RE: HTML5 Issue 11 (encoding detection): I18N WG response... from Phillips, Addison on 2009-08-20 (public-html@w3.org from August 2009)

From: Phillips, Addison <addison@amazon.com>
Date: Thu, 20 Aug 2009 07:25:57 -0700
To: Maciej Stachowiak <mjs@apple.com>
CC: "public-html@w3.org" <public-html@w3.org>, "public-i18n-core@w3.org" <public-i18n-core@w3.org>
Message-ID: <4D25F22093241741BC1D0EEBC2DBB1DA01ACCE9D8F@EX-SEA5-D.ant.amazon.com>

The I18N working group would accept closure of ISSUE-11 if you were to accept our proposed textual modifications.

We are also likely to accept some modifications to our proposed text (such as if you were to remove the UTF-8 recommendation that both the original and our proposal share), but I think the WG would like to see the specific text first.

Regards,

Addison

Addison Phillips
Globalization Architect -- Lab126
Chair -- W3C Internationalization WG

Internationalization is not a feature.
It is an architecture.

From: Maciej Stachowiak [mailto:mjs@apple.com]
Sent: Thursday, August 20, 2009 12:33 AM
To: Phillips, Addison
Cc: public-html@w3.org; public-i18n-core@w3.org
Subject: Re: HTML5 Issue 11 (encoding detection): I18N WG response...

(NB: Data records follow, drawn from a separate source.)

(* Let $I\subseteq\mathbb{R}_-$ be a nonempty interval containing $0$ and let $f\colon I^n\to\mathbb{R}$. The following are equivalent: (i) $f$ is comonotonically modular; (ii) $f$ is invariant under horizontal max-differences; (iii) there exists $g\colon I^n\to\mathbb{R}$ such that for every $\sigma\in S_n$ and every $\mathbf{x}\in I^n_\sigma$, $$f(\mathbf{x})=g(\mathbf{0})+\sum_{i\in[n]}\Big(g\big(x_{\sigma(i)}\mathbf{1}_{A^\downarrow_\sigma(i)}\big)-g\big(x_{\sigma(i)}\mathbf{1}_{A^\downarrow_\sigma(i-1)}\big)\Big).$$ Moreover, in this case one can take $g=f$ in (iii).
   Context: Notation: $[n]=\{1,\ldots,n\}$; $S_n$ is the set of permutations of $[n]$; $\mathbf{1}_A$ is the indicator tuple of $A\subseteq[n]$, $\mathbf{0}=\mathbf{1}_\varnothing$. For $\sigma\in S_n$, $\mathbb{R}^n_\sigma=\{\mathbf{x}: x_{\sigma(1)}\leq\cdots\leq x_{\sigma(n)}\}$, $I^n_\sigma=I^n\cap\mathbb{R}^n_\sigma$, $A^\downarrow_\sigma(i)=\{\sigma(1),\ldots,\sigma(i)\}$, $A^\downarrow_\sigma(0)=\varnothing$. $\wedge,\vee$ denote componentwise min and max; $\mathbf{x}\vee c$ is the tuple with components $\max(x_i,c)$. Two tuples $\mathbf{x},\mathbf{x}'\in I^n$ are comonotonic if $\mathbf{x},\mathbf{x}'\in I^n_\sigma$ for some $\sigma\in S_n$. A function $f\colon I^n\to\mathbb{R}$ is comonotonically modular if $f(\mathbf{x})+f(\mathbf{x}')=f(\mathbf{x}\wedge\mathbf{x}')+f(\mathbf{x}\vee\mathbf{x}')$ for all comonotonic $\mathbf{x},\mathbf{x}'\in I^n$. For $c\leq 0$, $[\mathbf{x}]^c$ is the tuple whose $i$th component is $0$ if $x_i\geq c$ and $x_i$ otherwise. For $I\subseteq\mathbb{R}_-$, $f$ is invariant under horizontal max-differences if $f(\mathbf{x})-f(\mathbf{x}\vee c)=f([\mathbf{x}]^c)-f([\mathbf{x}]^c\vee c)$ for all $\mathbf{x}\in I^n$, $c\in I$. *)

From HB Require Import structures.
From mathcomp Require Import all_boot all_order all_algebra all_fingroup.
Set Implicit Arguments. Unset Strict Implicit. Unset Printing Implicit Defensive.
Import Order.TTheory GRing.Theory Num.Theory.
Local Open Scope ring_scope.

Section Defs.
Variables (R : realFieldType) (n : nat).

Definition tup := {ffun 'I_n -> R}.

Definition neg_interval_with_0 (I : R -> Prop) : Prop :=
  [/\ (forall a b c, I a -> I c -> a <= b -> b <= c -> I b),
      I 0 & (forall x, I x -> x <= 0)].

Definition inIn (I : R -> Prop) (x : tup) : Prop := forall i, I (x i).

Definition in_sigma (s : 'S_n) (x : tup) : Prop :=
  forall i j : 'I_n, (i <= j)%N -> x (s i) <= x (s j).

Definition comonotonic (I : R -> Prop) (x y : tup) : Prop :=
  exists s : 'S_n, [/\ inIn I x, inIn I y, in_sigma s x & in_sigma s y].

Definition tmin (x y : tup) : tup := [ffun i => Num.min (x i) (y i)].
Definition tmax (x y : tup) : tup := [ffun i => Num.max (x i) (y i)].
Definition tmaxc (x : tup) (c : R) : tup := [ffun i => Num.max (x i) c].
Definition cutc (x : tup) (c : R) : tup := [ffun i => if c <= x i then 0 else x i].

Definition comonotonically_modular (I : R -> Prop) (f : tup -> R) : Prop :=
  forall x y, comonotonic I x y -> f x + f y = f (tmin x y) + f (tmax x y).

Definition horizontal_maxdiff_invariant (I : R -> Prop) (f : tup -> R) : Prop :=
  forall x c, inIn I x -> I c ->
    f x - f (tmaxc x c) = f (cutc x c) - f (tmaxc (cutc x c) c).

(* A^down_sigma(k) = {sigma(1),...,sigma(k)}  (0-based: sigma j for j < k) *)
Definition Adown (s : 'S_n) (k : nat) : {set 'I_n} := [set s j | j : 'I_n & (j < k)%N].

Definition sind (a : R) (A : {set 'I_n}) : tup := [ffun i => if i \in A then a else 0].

Definition tzero : tup := [ffun=> 0].

(* The representation (iii): index i : 'I_n corresponds to i+1 in [n] *)
Definition lovasz_repr (g : tup -> R) (s : 'S_n) (x : tup) : R :=
  g tzero + \sum_(i < n) (g (sind (x (s i)) (Adown s i.+1)) - g (sind (x (s i)) (Adown s i))).

Definition represented_by (I : R -> Prop) (f g : tup -> R) : Prop :=
  forall (s : 'S_n) (x : tup), inIn I x -> in_sigma s x -> f x = lovasz_repr g s x.

End Defs.

From HB Require Import structures.
From mathcomp Require Import all_boot all_order all_algebra all_fingroup.
From mathcomp Require Import lra.
Import Order.TTheory GRing.Theory Num.Theory.
Local Open Scope ring_scope.
Set Implicit Arguments. Unset Strict Implicit.

(* On each cone R^n_sigma the formula (iii) is a constant plus a sum of functions
   of the single coordinates x_{sigma(i)}.  Since min, max, max with c and [.]^c act
   coordinatewise and preserve the cone, (iii) implies both (i) and (ii).
   Conversely, write x as the telescoping chain of its restrictions to
   A(k) = A^down_sigma(k), for k = 0..n, and let c = x_{sigma(k)}.  By (i), applied to
   the comonotonic pair (x 1_{A(k)}, c 1_{A(k+1)}) whose min and max are
   x 1_{A(k+1)} and c 1_{A(k)}, the k-th increment of the chain equals
   f(c 1_{A(k+1)}) - f(c 1_{A(k)}); by (ii) with this c the same holds, since
   taking the max with c turns x 1_{A(j)} into c 1_{A(j)} for j = k, k+1, while
   [.]^c maps both to the same tuple.  Summing the increments gives (iii) with g = f. *)

Lemma addrKB (V : zmodType) (a b c : V) : a + b - (a + c) = b - c.
Proof. by rewrite opprD addrACA subrr add0r. Qed.

Section ComonotonicModularity.
Variables (R : realFieldType) (n : nat).
Implicit Types (I : R -> Prop) (f g : tup R n -> R) (x y : tup R n) (s : 'S_n)
  (A : {set 'I_n}) (c : R) (k : nat).

Definition restrict x A : tup R n :=
  [ffun j => if j \in A then x j else 0].

Lemma in_sigma_exists x : exists s, in_sigma s x.
Proof.
pose le_at := fun i j : 'I_n => x i <= x j.
pose l := sort le_at (enum 'I_n).
have size_l : size l = n by rewrite size_sort size_enum_ord.
have size_lE : size l == n by rewrite size_l.
pose t := Tuple size_lE.
have t_inj : injective (tnth t).
  move=> i j; rewrite !(tnth_nth i) /= => /eqP.
  by rewrite nth_uniq ?size_l ?ltn_ord ?sort_uniq ?enum_uniq // => /eqP /val_inj.
exists (perm t_inj) => i j le_ij; rewrite !permE !(tnth_nth i) /=.
have le_sorted : sorted le_at l by apply: sort_sorted => a b; apply: le_total.
apply: (sorted_leq_nth _ _ i le_sorted); rewrite ?inE ?size_l ?ltn_ord //.
- by move=> a b c; apply: le_trans.
- by move=> a; apply: lexx.
Qed.

Lemma mem_Adown s k i : (s i \in Adown s k) = (i < k)%N.
Proof. by rewrite mem_imset ?inE //; apply: perm_inj. Qed.

Lemma Adown_succ s (k : 'I_n) : Adown s k.+1 = s k |: Adown s k.
Proof.
apply/setP => j; rewrite -(permKV s j) in_setU1 !mem_Adown (inj_eq perm_inj).
by rewrite ltnS leq_eqVlt.
Qed.

Lemma le_Adown s x m (k : 'I_n) : in_sigma s x -> (m <= k.+1)%N ->
  {in Adown s m, forall j, x j <= x (s k)}.
Proof.
move=> sx le_mk j; rewrite -(permKV s j) mem_Adown => lt_jm.
by apply: sx; rewrite -ltnS (leq_trans lt_jm).
Qed.

Lemma restrict0 s x : restrict x (Adown s 0) = tzero R n.
Proof. by apply/ffunP => j; rewrite !ffunE -(permKV s j) mem_Adown. Qed.

Lemma restrictT s x : restrict x (Adown s n) = x.
Proof. by apply/ffunP => j; rewrite !ffunE -(permKV s j) mem_Adown ltn_ord. Qed.

Lemma inIn_tmin I x y : inIn I x -> inIn I y -> inIn I (tmin x y).
Proof. by move=> Ix Iy i; rewrite ffunE; case: leP. Qed.

Lemma inIn_tmax I x y : inIn I x -> inIn I y -> inIn I (tmax x y).
Proof. by move=> Ix Iy i; rewrite ffunE; case: leP. Qed.

Lemma inIn_tmaxc I x c : inIn I x -> I c -> inIn I (tmaxc x c).
Proof. by move=> Ix Ic i; rewrite ffunE; case: leP. Qed.

Lemma inIn_cutc I x c : I 0 -> inIn I x -> inIn I (cutc x c).
Proof. by move=> I0 Ix i; rewrite ffunE; case: ifP. Qed.

Lemma inIn_restrict I x A : I 0 -> inIn I x -> inIn I (restrict x A).
Proof. by move=> I0 Ix i; rewrite ffunE; case: ifP. Qed.

Lemma inIn_sind I c A : I 0 -> I c -> inIn I (sind c A).
Proof. by move=> I0 Ic i; rewrite ffunE; case: ifP. Qed.

Lemma in_sigma_tmin s x y : in_sigma s x -> in_sigma s y -> in_sigma s (tmin x y).
Proof.
by move=> sx sy i j le_ij; rewrite !ffunE le_min !ge_min sx ?sy ?orbT.
Qed.

Lemma in_sigma_tmax s x y : in_sigma s x -> in_sigma s y -> in_sigma s (tmax x y).
Proof.
by move=> sx sy i j le_ij; rewrite !ffunE ge_max !le_max sx ?sy ?orbT.
Qed.

Lemma in_sigma_tmaxc s x c : in_sigma s x -> in_sigma s (tmaxc x c).
Proof. by move=> sx i j le_ij; rewrite !ffunE ge_max !le_max sx ?lexx ?orbT. Qed.

Lemma in_sigma_cutc s x c :
  (forall i, x i <= 0) -> in_sigma s x -> in_sigma s (cutc x c).
Proof.
move=> x_le0 sx i j le_ij; rewrite !ffunE.
case: ifP => c_le_i; case: ifP => c_le_j //; last exact: sx.
by rewrite (le_trans c_le_i (sx i j le_ij)) in c_le_j.
Qed.

Lemma in_sigma_restrict s x k :
  (forall i, x i <= 0) -> in_sigma s x -> in_sigma s (restrict x (Adown s k)).
Proof.
move=> x_le0 sx i j le_ij; rewrite !ffunE !mem_Adown.
case: (ltnP i k) => ik; case: (ltnP j k) => jk //; first exact: sx.
by move: (leq_trans ik le_ij); rewrite leqNgt jk.
Qed.

Lemma in_sigma_sind s c k : c <= 0 -> in_sigma s (sind c (Adown s k)).
Proof.
move=> c_le0 i j le_ij; rewrite !ffunE !mem_Adown.
case: (ltnP i k) => ik; case: (ltnP j k) => jk //.
by move: (leq_trans ik le_ij); rewrite leqNgt jk.
Qed.

Lemma lovasz_repr_tmin_tmax g s x y :
  lovasz_repr g s (tmin x y) + lovasz_repr g s (tmax x y) =
  lovasz_repr g s x + lovasz_repr g s y.
Proof.
rewrite /lovasz_repr addrACA -big_split [RHS]addrACA -big_split /=.
congr (_ + _); apply: eq_bigr => i _; rewrite !ffunE.
by case: leP => _; rewrite // addrC.
Qed.

Lemma lovasz_repr_maxdiff g s x c : c <= 0 ->
  lovasz_repr g s x - lovasz_repr g s (tmaxc x c) =
  lovasz_repr g s (cutc x c) - lovasz_repr g s (tmaxc (cutc x c) c).
Proof.
move=> c_le0; rewrite /lovasz_repr !addrKB -!sumrB; apply: eq_bigr => i _.
rewrite !ffunE; case: (leP c (x (s i))) => [c_le_x | x_lt_c].
  by rewrite (max_l c_le0) !subrr.
by rewrite (max_r (ltW x_lt_c)).
Qed.

Lemma represented_comonotonically_modular I f g :
  represented_by I f g -> comonotonically_modular I f.
Proof.
move=> rep x y [s [Ix Iy sx sy]].
rewrite (rep s x) // (rep s y) // (rep s _ (inIn_tmin Ix Iy) (in_sigma_tmin sx sy)).
by rewrite (rep s _ (inIn_tmax Ix Iy) (in_sigma_tmax sx sy)) lovasz_repr_tmin_tmax.
Qed.

Lemma represented_maxdiff_invariant I f g : neg_interval_with_0 I ->
  represented_by I f g -> horizontal_maxdiff_invariant I f.
Proof.
move=> [_ I0 I_le0] rep x c Ix Ic.
have [s sx] := in_sigma_exists x.
have x_le0 i : x i <= 0 by apply: I_le0.
have Icut := inIn_cutc c I0 Ix.
have scut := in_sigma_cutc c x_le0 sx.
rewrite (rep s x) // (rep s _ (inIn_tmaxc Ix Ic) (in_sigma_tmaxc c sx)).
rewrite (rep s _ Icut scut) (rep s _ (inIn_tmaxc Icut Ic) (in_sigma_tmaxc c scut)).
exact: lovasz_repr_maxdiff (I_le0 c Ic).
Qed.

Lemma tmaxc_restrict x A c : c <= 0 -> {in A, forall j, x j <= c} ->
  tmaxc (restrict x A) c = sind c A.
Proof.
move=> c_le0 xA_le; apply/ffunP => j; rewrite !ffunE.
by case: ifP => jA; [rewrite max_r ?xA_le | rewrite max_l].
Qed.

Lemma cutc_restrict_setU1 x A j : x j <= 0 ->
  cutc (restrict x (j |: A)) (x j) = cutc (restrict x A) (x j).
Proof.
move=> xj_le0; apply/ffunP => i; rewrite !ffunE in_setU1.
by case: eqP => [-> | _] //=; case: (j \in A); rewrite lexx ?xj_le0.
Qed.

Lemma tmin_restrict_sind x A j : x j <= 0 -> {in A, forall a, x a <= x j} ->
  tmin (restrict x A) (sind (x j) (j |: A)) = restrict x (j |: A).
Proof.
move=> xj_le0 xA_le; apply/ffunP => i; rewrite !ffunE in_setU1.
case: eqP => [-> | _] /=; first by case: ifP => _; rewrite ?minxx ?min_r.
by case: ifP => iA; rewrite ?min_l ?xA_le ?minxx.
Qed.

Lemma tmax_restrict_sind x A j : x j <= 0 -> {in A, forall a, x a <= x j} ->
  tmax (restrict x A) (sind (x j) (j |: A)) = sind (x j) A.
Proof.
move=> xj_le0 xA_le; apply/ffunP => i; rewrite !ffunE in_setU1.
case: eqP => [-> | _] /=; first by case: ifP => _; rewrite ?maxxx ?max_l.
by case: ifP => iA; rewrite ?max_r ?xA_le ?maxxx.
Qed.

Definition chain_increments_eq I f : Prop :=
  forall s x (k : 'I_n), inIn I x -> in_sigma s x ->
  f (restrict x (Adown s k.+1)) - f (restrict x (Adown s k)) =
  f (sind (x (s k)) (Adown s k.+1)) - f (sind (x (s k)) (Adown s k)).

Lemma maxdiff_chain_increments_eq I f : neg_interval_with_0 I ->
  horizontal_maxdiff_invariant I f -> chain_increments_eq I f.
Proof.
move=> [_ I0 I_le0] maxdiff s x k Ix sx.
have Ic := Ix (s k); have c_le0 := I_le0 _ Ic.
have E1 := maxdiff _ _ (inIn_restrict (Adown s k.+1) I0 Ix) Ic.
have E0 := maxdiff _ _ (inIn_restrict (Adown s k) I0 Ix) Ic.
rewrite (tmaxc_restrict c_le0 (le_Adown sx (leqnn k.+1))) in E1.
rewrite (tmaxc_restrict c_le0 (le_Adown sx (leqnSn k))) in E0.
rewrite Adown_succ cutc_restrict_setU1 // -Adown_succ -E0 in E1.
lra.
Qed.

Lemma modular_chain_increments_eq I f : neg_interval_with_0 I ->
  comonotonically_modular I f -> chain_increments_eq I f.
Proof.
move=> [_ I0 I_le0] modular s x k Ix sx.
have Ic := Ix (s k); have c_le0 := I_le0 _ Ic.
have x_le0 i : x i <= 0 by apply: I_le0.
have/modular : comonotonic I (restrict x (Adown s k)) (sind (x (s k)) (Adown s k.+1)).
  exists s; split; [exact: inIn_restrict | exact: inIn_sind |
                    exact: in_sigma_restrict | exact: in_sigma_sind].
have le_c := le_Adown sx (leqnSn k).
rewrite Adown_succ tmin_restrict_sind // tmax_restrict_sind // -Adown_succ.
lra.
Qed.

Lemma chain_increments_eq_represented I f :
  chain_increments_eq I f -> represented_by I f f.
Proof.
move=> increment s x Ix sx; rewrite /lovasz_repr.
under eq_bigr => k _ do rewrite -increment //.
pose chain k := f (restrict x (Adown s k)).
rewrite -(big_mkord xpredT (fun k => chain k.+1 - chain k)) telescope_sumr //.
by rewrite /chain restrictT restrict0 addrC subrK.
Qed.

End ComonotonicModularity.

Unset Implicit Arguments.

Theorem theorem10 (R : realFieldType) (n : nat) (I : R -> Prop)
    (f : tup R n -> R) (hI : neg_interval_with_0 I) :
  [/\ comonotonically_modular I f <-> horizontal_maxdiff_invariant I f,
      horizontal_maxdiff_invariant I f <-> (exists g : tup R n -> R, represented_by I f g)
    & comonotonically_modular I f -> represented_by I f f].
Proof.
have modular_self : comonotonically_modular I f -> represented_by I f f.
  by move=> /(modular_chain_increments_eq hI) /chain_increments_eq_represented.
have maxdiff_self : horizontal_maxdiff_invariant I f -> represented_by I f f.
  by move=> /(maxdiff_chain_increments_eq hI) /chain_increments_eq_represented.
split=> //; split.
- by move=> /modular_self; apply: represented_maxdiff_invariant.
- by move=> /maxdiff_self; apply: represented_comonotonically_modular.
- by move=> /maxdiff_self rep; exists f.
- by move=> [g]; apply: represented_maxdiff_invariant.
Qed.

Based on further discussion with you and Henri, I filed the following:

http://www.w3.org/Bugs/Public/show_bug.cgi?id=7380

"Suggest heuristic detection of UTF-8"


http://www.w3.org/Bugs/Public/show_bug.cgi?id=7381

"Clarify default encoding wording and add some examples for non-latin locales."


Would you be willing to close ISSUE-11 in favor of the above two bugs?


Regards,
Maciej

On Aug 19, 2009, at 9:22 PM, Phillips, Addison wrote:


Dear HTML5,

The I18N Core WG would like to respond to your issue located here:

  http://www.w3.org/html/wg/tracker/issues/11


We remain concerned about the text in Step 7 in this section:

  http://dev.w3.org/html5/spec/Overview.html#determining-the-character-encoding


Your current text reads:

--
Otherwise, return an implementation-defined or user-specified default character encoding, with the confidence  tentative. In non-legacy environments, the more comprehensive UTF-8 encoding is recommended. Due to its use in legacy content, windows-1252 is recommended as a default in predominantly Western demographics instead. Since these encodings can in many cases be distinguished by inspection, a user agent may heuristically decide which to use as a default.
--

Our concerns about this text are:

1. It isn't clear what constitutes a "legacy" or "non-legacy environment". We think that, for modern implementations, a bare recommendation of UTF-8 would be preferable.

2. The sentence starting "Since these encodings can {...} be distinguished by inspection" is not really accurate. If the user agent has performed the optional step (6), then heuristic detection has already been applied and failed. If the user agent has not done step (6), then the only reasonable encoding that can reliably be detected based solely on bit-pattern is UTF-8.

3. We think your intention is to permit the feature most browsers have of allowing the user to configure (from a base default) the character encoding to use when displaying a given page. The sentence starting "Due to its use..." mentions "predominantly Western demographics", which we find troublesome, especially given that it is associated with the keyword "recommended".

We would like to request that you reword this paragraph along the lines of something like:

--
Otherwise, return an implementation-defined or user-specified default character encoding, with the confidence tentative. The UTF-8 encoding is recommended as a default. The default may also be set according to the expectations and predominant legacy content encodings for a given demographic or audience. For example, windows-1252 is recommended as the default encoding for Western European language environments. Other encodings may also be used. For example, "windows-949" might be an appropriate default in a Korean language runtime environment.
--

4. We suggest adding to step (6) this note:

--
Note: The UTF-8 encoding has a highly detectable bit pattern. Documents that contain bytes > 0x7F which match the UTF-8 pattern are very likely to be UTF-8, while documents that do not match it definitely are not. While not full autodetection, it may be appropriate for a user-agent to search for this common encoding.
--

Addison (for I18N WG)

Addison Phillips
Globalization Architect -- Lab126

Internationalization is not a feature.
It is an architecture.

Received on Thursday, 20 August 2009 14:26:37 UTC